Action item:
In the records below, find the line holding "by rewrite mul0r add0r" and the line holding "have card_fibre := card_class_rep_fibre hm.". Set down both, with every line between them, exactly.

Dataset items

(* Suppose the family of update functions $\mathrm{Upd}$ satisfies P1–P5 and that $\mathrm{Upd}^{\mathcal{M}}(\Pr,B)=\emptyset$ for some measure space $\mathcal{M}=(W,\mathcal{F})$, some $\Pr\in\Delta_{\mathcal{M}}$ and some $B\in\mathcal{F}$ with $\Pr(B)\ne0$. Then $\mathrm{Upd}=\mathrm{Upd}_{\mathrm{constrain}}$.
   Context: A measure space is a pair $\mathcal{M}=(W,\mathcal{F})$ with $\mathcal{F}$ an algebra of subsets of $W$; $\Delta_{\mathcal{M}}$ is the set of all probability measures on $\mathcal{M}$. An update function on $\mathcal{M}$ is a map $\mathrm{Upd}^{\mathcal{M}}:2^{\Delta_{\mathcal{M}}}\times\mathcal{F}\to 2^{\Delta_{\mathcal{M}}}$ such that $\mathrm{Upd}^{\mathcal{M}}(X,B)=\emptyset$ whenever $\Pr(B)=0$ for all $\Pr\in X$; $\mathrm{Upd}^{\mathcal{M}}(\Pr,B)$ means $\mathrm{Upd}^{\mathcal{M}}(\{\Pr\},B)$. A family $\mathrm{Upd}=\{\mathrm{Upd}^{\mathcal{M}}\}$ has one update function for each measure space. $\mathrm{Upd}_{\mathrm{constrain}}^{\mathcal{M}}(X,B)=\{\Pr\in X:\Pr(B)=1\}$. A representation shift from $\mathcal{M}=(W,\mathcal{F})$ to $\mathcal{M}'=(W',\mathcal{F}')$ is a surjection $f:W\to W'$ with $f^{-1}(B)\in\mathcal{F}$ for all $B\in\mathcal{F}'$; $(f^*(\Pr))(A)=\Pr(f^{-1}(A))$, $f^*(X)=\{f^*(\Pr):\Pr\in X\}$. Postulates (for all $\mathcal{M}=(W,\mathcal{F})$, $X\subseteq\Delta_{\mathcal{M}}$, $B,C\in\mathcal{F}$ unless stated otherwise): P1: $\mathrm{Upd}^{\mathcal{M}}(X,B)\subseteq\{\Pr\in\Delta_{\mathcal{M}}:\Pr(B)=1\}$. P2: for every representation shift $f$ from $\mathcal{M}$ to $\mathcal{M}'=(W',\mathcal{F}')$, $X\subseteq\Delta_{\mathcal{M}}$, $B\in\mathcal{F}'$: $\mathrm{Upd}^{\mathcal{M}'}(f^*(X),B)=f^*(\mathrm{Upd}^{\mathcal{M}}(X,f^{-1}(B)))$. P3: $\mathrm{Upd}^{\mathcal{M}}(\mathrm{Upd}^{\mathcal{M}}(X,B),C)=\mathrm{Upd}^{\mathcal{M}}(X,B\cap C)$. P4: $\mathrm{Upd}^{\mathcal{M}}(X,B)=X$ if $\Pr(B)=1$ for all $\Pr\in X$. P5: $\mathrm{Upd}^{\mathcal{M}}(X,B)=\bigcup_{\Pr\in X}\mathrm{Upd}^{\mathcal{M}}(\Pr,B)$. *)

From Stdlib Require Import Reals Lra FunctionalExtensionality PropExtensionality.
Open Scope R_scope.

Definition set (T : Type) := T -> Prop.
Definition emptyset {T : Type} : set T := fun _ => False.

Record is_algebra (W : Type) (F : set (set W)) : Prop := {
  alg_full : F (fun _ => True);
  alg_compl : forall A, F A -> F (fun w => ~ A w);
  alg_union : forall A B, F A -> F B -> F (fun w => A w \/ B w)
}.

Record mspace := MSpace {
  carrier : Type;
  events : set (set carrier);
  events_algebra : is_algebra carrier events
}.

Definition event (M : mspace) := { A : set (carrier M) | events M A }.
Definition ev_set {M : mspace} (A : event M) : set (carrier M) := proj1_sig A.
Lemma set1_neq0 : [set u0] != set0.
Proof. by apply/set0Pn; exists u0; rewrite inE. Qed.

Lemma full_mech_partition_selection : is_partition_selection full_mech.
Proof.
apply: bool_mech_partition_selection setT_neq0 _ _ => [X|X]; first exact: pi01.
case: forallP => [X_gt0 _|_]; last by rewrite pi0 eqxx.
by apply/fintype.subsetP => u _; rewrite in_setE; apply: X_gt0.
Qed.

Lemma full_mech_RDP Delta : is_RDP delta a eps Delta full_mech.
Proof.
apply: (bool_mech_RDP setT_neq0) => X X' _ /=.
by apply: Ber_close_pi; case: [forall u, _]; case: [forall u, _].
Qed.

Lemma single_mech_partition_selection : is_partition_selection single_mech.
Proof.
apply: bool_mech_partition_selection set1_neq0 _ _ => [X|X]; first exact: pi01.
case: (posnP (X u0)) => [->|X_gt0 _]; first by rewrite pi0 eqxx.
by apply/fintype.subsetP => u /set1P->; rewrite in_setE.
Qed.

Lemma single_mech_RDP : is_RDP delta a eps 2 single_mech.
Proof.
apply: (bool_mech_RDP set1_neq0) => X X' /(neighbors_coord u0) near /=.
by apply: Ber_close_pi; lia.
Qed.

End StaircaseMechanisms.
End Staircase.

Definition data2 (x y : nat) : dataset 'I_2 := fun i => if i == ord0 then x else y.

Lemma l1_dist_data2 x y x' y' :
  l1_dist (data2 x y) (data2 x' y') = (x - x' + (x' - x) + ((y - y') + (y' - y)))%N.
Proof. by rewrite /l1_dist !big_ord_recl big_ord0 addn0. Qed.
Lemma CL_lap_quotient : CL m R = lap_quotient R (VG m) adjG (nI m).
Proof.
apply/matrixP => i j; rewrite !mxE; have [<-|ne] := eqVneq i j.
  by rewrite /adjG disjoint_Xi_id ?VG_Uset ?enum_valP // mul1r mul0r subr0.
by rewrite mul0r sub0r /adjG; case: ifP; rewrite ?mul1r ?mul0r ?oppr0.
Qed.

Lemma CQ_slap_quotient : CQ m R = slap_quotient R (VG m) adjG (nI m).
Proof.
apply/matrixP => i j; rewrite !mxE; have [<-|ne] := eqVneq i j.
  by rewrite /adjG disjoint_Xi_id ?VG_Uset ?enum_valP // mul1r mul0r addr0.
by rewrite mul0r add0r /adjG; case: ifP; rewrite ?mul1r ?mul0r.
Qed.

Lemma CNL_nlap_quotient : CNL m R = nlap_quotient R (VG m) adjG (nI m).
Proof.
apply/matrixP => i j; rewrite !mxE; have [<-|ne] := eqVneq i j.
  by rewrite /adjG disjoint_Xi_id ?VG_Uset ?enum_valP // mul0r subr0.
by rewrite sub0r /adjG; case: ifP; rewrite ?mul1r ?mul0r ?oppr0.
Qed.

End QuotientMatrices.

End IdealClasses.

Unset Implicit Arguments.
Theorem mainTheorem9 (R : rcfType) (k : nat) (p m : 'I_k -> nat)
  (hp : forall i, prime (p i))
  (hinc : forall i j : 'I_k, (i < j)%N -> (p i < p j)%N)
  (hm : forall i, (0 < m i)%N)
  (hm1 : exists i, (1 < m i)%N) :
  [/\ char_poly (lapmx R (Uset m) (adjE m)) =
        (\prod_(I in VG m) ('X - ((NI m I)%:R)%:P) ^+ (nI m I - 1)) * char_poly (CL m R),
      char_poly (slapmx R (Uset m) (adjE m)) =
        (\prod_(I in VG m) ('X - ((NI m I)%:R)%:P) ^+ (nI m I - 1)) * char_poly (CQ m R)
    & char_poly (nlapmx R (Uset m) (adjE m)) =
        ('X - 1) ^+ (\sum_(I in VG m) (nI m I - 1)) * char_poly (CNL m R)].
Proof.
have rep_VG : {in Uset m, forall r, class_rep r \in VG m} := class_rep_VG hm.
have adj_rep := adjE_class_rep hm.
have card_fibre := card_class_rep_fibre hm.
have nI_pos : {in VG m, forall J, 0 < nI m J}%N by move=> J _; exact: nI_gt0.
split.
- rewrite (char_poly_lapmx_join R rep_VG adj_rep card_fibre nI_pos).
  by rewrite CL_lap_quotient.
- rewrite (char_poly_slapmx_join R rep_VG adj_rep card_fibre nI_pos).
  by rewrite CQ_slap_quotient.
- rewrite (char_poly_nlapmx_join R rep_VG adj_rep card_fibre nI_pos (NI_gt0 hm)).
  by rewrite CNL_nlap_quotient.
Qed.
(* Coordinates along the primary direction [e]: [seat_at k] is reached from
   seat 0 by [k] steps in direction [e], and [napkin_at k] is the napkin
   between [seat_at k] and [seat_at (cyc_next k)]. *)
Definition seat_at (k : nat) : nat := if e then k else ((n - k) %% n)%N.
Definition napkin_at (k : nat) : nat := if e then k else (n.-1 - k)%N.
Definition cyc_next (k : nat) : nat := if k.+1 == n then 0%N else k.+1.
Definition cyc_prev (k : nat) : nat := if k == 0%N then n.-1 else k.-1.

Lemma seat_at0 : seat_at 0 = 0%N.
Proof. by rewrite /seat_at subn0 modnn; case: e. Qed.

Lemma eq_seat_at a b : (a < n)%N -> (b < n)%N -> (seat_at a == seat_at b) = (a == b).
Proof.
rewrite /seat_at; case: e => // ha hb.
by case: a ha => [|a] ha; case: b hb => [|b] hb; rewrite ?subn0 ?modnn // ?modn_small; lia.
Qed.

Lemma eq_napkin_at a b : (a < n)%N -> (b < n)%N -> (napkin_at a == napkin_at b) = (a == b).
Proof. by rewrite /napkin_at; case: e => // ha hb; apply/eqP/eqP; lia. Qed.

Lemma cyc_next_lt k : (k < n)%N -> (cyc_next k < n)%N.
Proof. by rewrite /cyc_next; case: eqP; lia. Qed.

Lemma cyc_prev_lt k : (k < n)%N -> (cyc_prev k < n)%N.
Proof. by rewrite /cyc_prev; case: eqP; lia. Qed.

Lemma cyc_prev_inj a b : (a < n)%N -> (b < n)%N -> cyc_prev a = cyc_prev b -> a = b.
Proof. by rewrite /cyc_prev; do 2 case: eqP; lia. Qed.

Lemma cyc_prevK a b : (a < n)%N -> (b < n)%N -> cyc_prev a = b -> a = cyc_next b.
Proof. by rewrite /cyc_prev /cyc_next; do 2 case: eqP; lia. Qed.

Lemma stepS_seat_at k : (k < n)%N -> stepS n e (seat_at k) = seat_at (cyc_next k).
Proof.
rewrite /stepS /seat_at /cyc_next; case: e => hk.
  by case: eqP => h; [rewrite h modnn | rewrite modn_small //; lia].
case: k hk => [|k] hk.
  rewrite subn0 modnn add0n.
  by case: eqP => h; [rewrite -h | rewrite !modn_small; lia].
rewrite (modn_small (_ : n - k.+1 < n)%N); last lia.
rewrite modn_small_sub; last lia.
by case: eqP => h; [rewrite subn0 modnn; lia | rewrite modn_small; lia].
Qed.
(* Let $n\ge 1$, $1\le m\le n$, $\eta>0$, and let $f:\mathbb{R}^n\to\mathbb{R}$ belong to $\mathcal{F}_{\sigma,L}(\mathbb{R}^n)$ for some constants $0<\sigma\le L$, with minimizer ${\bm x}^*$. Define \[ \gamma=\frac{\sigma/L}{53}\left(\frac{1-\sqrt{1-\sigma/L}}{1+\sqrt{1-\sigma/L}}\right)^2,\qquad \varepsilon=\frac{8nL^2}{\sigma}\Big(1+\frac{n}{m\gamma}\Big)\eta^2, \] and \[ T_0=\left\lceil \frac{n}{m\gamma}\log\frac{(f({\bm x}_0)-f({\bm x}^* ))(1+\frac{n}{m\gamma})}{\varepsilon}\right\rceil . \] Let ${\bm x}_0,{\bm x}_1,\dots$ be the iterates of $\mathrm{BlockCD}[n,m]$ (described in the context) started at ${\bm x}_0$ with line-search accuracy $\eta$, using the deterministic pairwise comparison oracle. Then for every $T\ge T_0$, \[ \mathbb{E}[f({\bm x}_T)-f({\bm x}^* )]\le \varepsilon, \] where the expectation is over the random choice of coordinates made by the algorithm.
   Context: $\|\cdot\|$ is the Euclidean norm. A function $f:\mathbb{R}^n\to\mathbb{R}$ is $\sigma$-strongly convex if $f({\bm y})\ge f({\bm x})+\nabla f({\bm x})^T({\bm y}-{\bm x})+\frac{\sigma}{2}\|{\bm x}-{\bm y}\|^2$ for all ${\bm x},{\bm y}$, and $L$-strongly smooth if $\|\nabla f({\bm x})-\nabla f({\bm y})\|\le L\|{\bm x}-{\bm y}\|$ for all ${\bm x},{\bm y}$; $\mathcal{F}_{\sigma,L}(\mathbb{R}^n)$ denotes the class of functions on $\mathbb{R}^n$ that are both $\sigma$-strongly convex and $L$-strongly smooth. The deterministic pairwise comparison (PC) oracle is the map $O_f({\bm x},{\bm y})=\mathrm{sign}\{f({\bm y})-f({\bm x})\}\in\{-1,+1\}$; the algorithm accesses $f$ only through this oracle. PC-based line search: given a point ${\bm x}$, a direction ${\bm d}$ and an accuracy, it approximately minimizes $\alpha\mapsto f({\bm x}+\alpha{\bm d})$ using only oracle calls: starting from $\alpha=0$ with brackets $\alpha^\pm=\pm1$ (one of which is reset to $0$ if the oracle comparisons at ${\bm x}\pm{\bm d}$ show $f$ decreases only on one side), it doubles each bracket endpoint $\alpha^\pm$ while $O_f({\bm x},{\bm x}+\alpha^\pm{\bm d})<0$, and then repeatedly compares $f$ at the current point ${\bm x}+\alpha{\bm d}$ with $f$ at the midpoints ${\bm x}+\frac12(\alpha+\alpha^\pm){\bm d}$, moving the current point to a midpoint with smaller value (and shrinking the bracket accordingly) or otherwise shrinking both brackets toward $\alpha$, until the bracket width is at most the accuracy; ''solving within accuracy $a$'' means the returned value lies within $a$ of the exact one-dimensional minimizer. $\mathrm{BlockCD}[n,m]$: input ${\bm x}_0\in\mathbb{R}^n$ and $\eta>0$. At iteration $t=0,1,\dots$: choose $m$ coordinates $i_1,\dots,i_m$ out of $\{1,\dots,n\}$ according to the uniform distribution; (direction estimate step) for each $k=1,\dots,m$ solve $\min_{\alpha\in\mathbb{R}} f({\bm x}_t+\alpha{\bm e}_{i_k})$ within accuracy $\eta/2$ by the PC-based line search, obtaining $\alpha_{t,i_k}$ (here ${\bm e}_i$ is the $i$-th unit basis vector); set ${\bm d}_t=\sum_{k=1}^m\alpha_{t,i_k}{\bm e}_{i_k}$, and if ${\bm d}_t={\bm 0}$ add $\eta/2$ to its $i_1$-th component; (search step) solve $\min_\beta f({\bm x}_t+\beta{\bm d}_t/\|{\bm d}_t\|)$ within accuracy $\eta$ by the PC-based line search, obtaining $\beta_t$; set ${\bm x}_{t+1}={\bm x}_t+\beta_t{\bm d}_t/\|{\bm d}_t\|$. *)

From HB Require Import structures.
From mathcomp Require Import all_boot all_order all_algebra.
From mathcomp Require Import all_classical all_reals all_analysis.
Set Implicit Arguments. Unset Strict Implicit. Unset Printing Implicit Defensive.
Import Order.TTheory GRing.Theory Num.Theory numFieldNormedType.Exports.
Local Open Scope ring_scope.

Task response:
by rewrite mul0r add0r /adjG; case: ifP; rewrite ?mul1r ?mul0r.
Qed.

Lemma CNL_nlap_quotient : CNL m R = nlap_quotient R (VG m) adjG (nI m).
Proof.
apply/matrixP => i j; rewrite !mxE; have [<-|ne] := eqVneq i j.
  by rewrite /adjG disjoint_Xi_id ?VG_Uset ?enum_valP // mul0r subr0.
by rewrite sub0r /adjG; case: ifP; rewrite ?mul1r ?mul0r ?oppr0.
Qed.

End QuotientMatrices.

End IdealClasses.

Unset Implicit Arguments.
Theorem mainTheorem9 (R : rcfType) (k : nat) (p m : 'I_k -> nat)
  (hp : forall i, prime (p i))
  (hinc : forall i j : 'I_k, (i < j)%N -> (p i < p j)%N)
  (hm : forall i, (0 < m i)%N)
  (hm1 : exists i, (1 < m i)%N) :
  [/\ char_poly (lapmx R (Uset m) (adjE m)) =
        (\prod_(I in VG m) ('X - ((NI m I)%:R)%:P) ^+ (nI m I - 1)) * char_poly (CL m R),
      char_poly (slapmx R (Uset m) (adjE m)) =
        (\prod_(I in VG m) ('X - ((NI m I)%:R)%:P) ^+ (nI m I - 1)) * char_poly (CQ m R)
    & char_poly (nlapmx R (Uset m) (adjE m)) =
        ('X - 1) ^+ (\sum_(I in VG m) (nI m I - 1)) * char_poly (CNL m R)].
Proof.
have rep_VG : {in Uset m, forall r, class_rep r \in VG m} := class_rep_VG hm.
have adj_rep := adjE_class_rep hm.
have card_fibre := card_class_rep_fibre hm.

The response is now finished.